**GIVEN DATA:**
#####

(* Let $r\ge 6$ and $n\ge 3$, and let $v=(u_1,1)\in V(C_r\times K_n)$. Then the subcomplex $st(v)\cap SC(v)$ of $I(C_r\times K_n)$ is the union of subcomplexes $X_1,\dots,X_{n-1},Y_1,\dots,Y_{n-1}$ such that: (1) for every $i$, $X_i\cong Y_i\cong I(G_{r-4,n})$; (2) if $r\ge7$, for every $i$, $X_i\cap Y_i\cong I(\mathring W_{r-5,n})$; (3) if $r\ge 7$, for every $i\ne j$, $X_i\cap Y_j\cong I(\mathring H_{r-5,n})$; (4) for every $i\ne j$, $X_i\cap X_j$ and $Y_i\cap Y_j$ are contractible; (5) the intersection of any $m\ge 3$ distinct complexes among $X_1,\dots,X_{n-1},Y_1,\dots,Y_{n-1}$ is contractible.
   Context: $C_r$ is the cycle with vertices $u_1,\dots,u_r$ (edges $u_iu_{i+1}$ and $u_ru_1$); $K_n$ is the complete graph on $\{1,\dots,n\}$; $C_r\times K_n$ is the categorical product ($(u_i,a)$ adjacent to $(u_{i'},b)$ iff $u_iu_{i'}$ is an edge of $C_r$ and $a\ne b$). $P_k$ is the path $u_1,\dots,u_k$ and $P_k\times K_n$ is defined analogously. For $k\ge2$: $W_{k,n}$ is obtained from $P_k\times K_n$ by adding vertices $v_1,v_2$ and edges $(u_1,i)v_1$ ($i\ne2$), $(u_k,i)v_2$ ($i\ne2$); $H_{k,n}$ is obtained from $P_k\times K_n$ by adding vertices $v_1,v_2$ and edges $(u_1,i)v_1$ ($i\ge2$), $(u_k,i)v_2$ ($i\ne2$); $G_{k,n}$ is $H_{k,n}$ plus vertices $w_1,w_2$ and edges $v_1w_1,w_1w_2,w_2v_2$; $\mathring W_{k,n}$ is $W_{k,n}$ plus vertices $w_1,w,w_2$ and edges $w_1w,ww_2,v_1w_1,v_2w_2$; $\mathring H_{k,n}$ is $H_{k,n}$ plus vertices $w_1,w_2$ and edges $v_1w_1,v_2w_2$. $I(G)$ is the independence complex (simplices = non-empty independent vertex sets). In a simplicial complex $K$, $st(\sigma)=\{\tau\in K:\tau\cup\sigma\in K\}$; in $I(G)$, the star cluster of a vertex $v$ is $SC(v)=\bigcup_{u\in N(v)}st(u)$, where $N(v)$ is the set of neighbours of $v$ in $G$. $\cong$ denotes isomorphism of simplicial complexes. *)

From HB Require Import structures.
From mathcomp Require Import all_boot all_order all_algebra.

#####

**THE TASK:** Copy every line of the material above in which the word "Import" appears.

**EXPECTED ANSWER:**
From HB Require Import structures.
From mathcomp Require Import all_boot all_order all_algebra.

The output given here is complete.